Does Your Business Radar Work? / Opportunity Systems for Intelligence
Several problems present in the field of intelligence and early warning system are examined and a number of concepts are proposed that can be institutionalized in order to overcome these problems. A potential solution is offered via integrating the areas of competitive intelligence, balanced scorecard, and business performance indicators in order do develop a comprehensive early warning capacity.
Intelligence concerns the awareness and knowledge of the external business environment. The definition that is used here is that business intelligence is a systematized and continuous approach to focus, collect, analyze, communicate, and use information about customers, competitors, distributors, technology, political issues, macroeconomic issues, and political issues in order to increase the competitiveness of the organization.
Many organizations state that they rely mostly on informal mechanisms to support this external knowledge. This disproportionate reliance on informal mechanisms is a vestige of management thinking from the previous century.
Key Statements from the Document
- Business/Competitive Intelligence: systematized and continuous approach to focus, collect, analyze, communicate, and use information about customers, competitors, distributors, technology, macroeconomic issues and political issues in order to increase the competitiveness of the organization.

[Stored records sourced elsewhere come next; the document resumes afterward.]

Lemma density_ratio (mu nu1 nu2 : {measure set T -> \bar R}) (q1 q2 : T -> R) :
  (forall y, 0 < q1 y)%R -> (forall y, 0 <= q2 y)%R ->
  measurable_fun setT q1 -> measurable_fun setT q2 ->
  (forall A, measurable A -> nu1 A = \int[mu]_(y in A) (q1 y)%:E) ->
  (forall A, measurable A -> nu2 A = \int[mu]_(y in A) (q2 y)%:E) ->
  forall A, measurable A -> nu2 A = \int[nu1]_(y in A) (q2 y / q1 y)%:E.
Proof.
move=> q1_gt0 q2_ge0 mq1 mq2 nu1E nu2E A mA.
have q1E_ge0 y : 0 <= (q1 y)%:E by rewrite lee_fin ltW.
have mq1E : measurable_fun setT (fun y => (q1 y)%:E) by exact/measurable_EFinP.
rewrite nu2E// integral_mkcond_indic [RHS]integral_mkcond_indic (integral_density q1E_ge0 mq1E _ nu1E)//.
- apply: eq_integral => y _; rewrite -!EFinM -mulrA mulfVK//.
  by rewrite gt_eqF.
- by move=> y; rewrite mule_ge0// lee_fin divr_ge0// ltW.
- apply: emeasurable_funM; first exact/measurable_EFinP/measurable_indic.
  apply/measurable_EFinP/measurable_funM => //.
  exact: measurable_funV_gt0.
Qed.

End density_ratio.

Section density_tensor.
Local Open Scope ereal_scope.
Context d (T : measurableType d) (R : realType) (K : nat).
Local Notation X := (K.-tuple T).
Variables (P1 : {measure set X -> \bar R}) (P2 : {finite_measure set X -> \bar R})
  (m1 : 'I_K -> {finite_measure set T -> \bar R})
  (m2 : 'I_K -> {finite_measure set T -> \bar R}) (rho : 'I_K -> T -> R).
Hypotheses (P1_rect : is_product_measure (fun i => m1 i : set T -> \bar R) P1)
  (P2_rect : is_product_measure (fun i => m2 i : set T -> \bar R) P2)
  (rho_ge0 : forall i y, (0 <= rho i y)%R)
  (mrho : forall i, measurable_fun setT (rho i))
  (m2E : forall i A, measurable A -> m2 i A = \int[m1 i]_(y in A) (rho i y)%:E).

Lemma density_tensor E : measurable E -> P2 E = \int[P1]_(x in E) (tensor rho x)%:E.
Proof.
have rhoE_ge0 x : 0 <= (tensor rho x)%:E by rewrite lee_fin prodr_ge0.
have mrhoE : measurable_fun setT (fun x => (tensor rho x)%:E).
  by apply/measurable_EFinP; exact: measurable_tensor.
apply: (measure_unique_rect (m2 := mdensity P1 rhoE_ge0 mrhoE)).
  exact: fin_num_fun_lty (fin_num_measure P2).
move=> A mA; rewrite [LHS](P2_rect mA).
rewrite -[RHS]/(\int[P1]_(x in rect A) (tensor rho x)%:E) integral_mkcond_indic.
under eq_integral do rewrite -EFinM -tensor_indic tensorM.
rewrite (integral_tensor _ P1_rect).
- apply: eq_bigr => i _; rewrite m2E// [LHS]integral_mkcond_indic.
  by apply: eq_integral => y _; rewrite EFinM.
- by move=> i; exact: fin_num_fun_lty (fin_num_measure (m1 i)).
split=> [i y|i|i]; first by rewrite mulr_ge0.
  by apply: measurable_funM => //; exact: measurable_indic.
under eq_integral do rewrite EFinM.
by rewrite -integral_mkcond_indic -m2E// -ge0_fin_numE// fin_num_measure.
Qed.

- Porter’s thinking regarding the nature of competitive strategy and competitive advantage provided the starting point for BI/CI.
- Formalized intelligence and EWOS systems are needed in today’s competitive arena.
EWS Purpose: Surprise avoidance through risk identification and monitoring of these risks and warning should any threat occur. - Early warning system is a systematized business control system for handling external risks and avoiding surprises in a proactive and continuous manner.Literature on political science, history and military intelligence give insight into the combination of these three areas.
- EWOS must be approached from a business/decision perspective and not from a technology perspective.
- Targets for focused EWOS are set by identifying a chain-ofevents leading up to a specific situation that might pose a threat or an opportunity.
- Unfocused EWOS do not have specific targets. Their purpose is to detect new issues and events previously unforeseen or understood.
- To detect weak signals, companies need to expand their business environment scanning/intelligence attention in a wider swath than just their immediate business environment.
- Combining focused and unfocused EWOS with scenario analysis is the basis for a comprehensive EWOS with the purpose of detecting both identified possible threats and opportunities as well as identifying new, previously unforeseen possible threats and opportunities.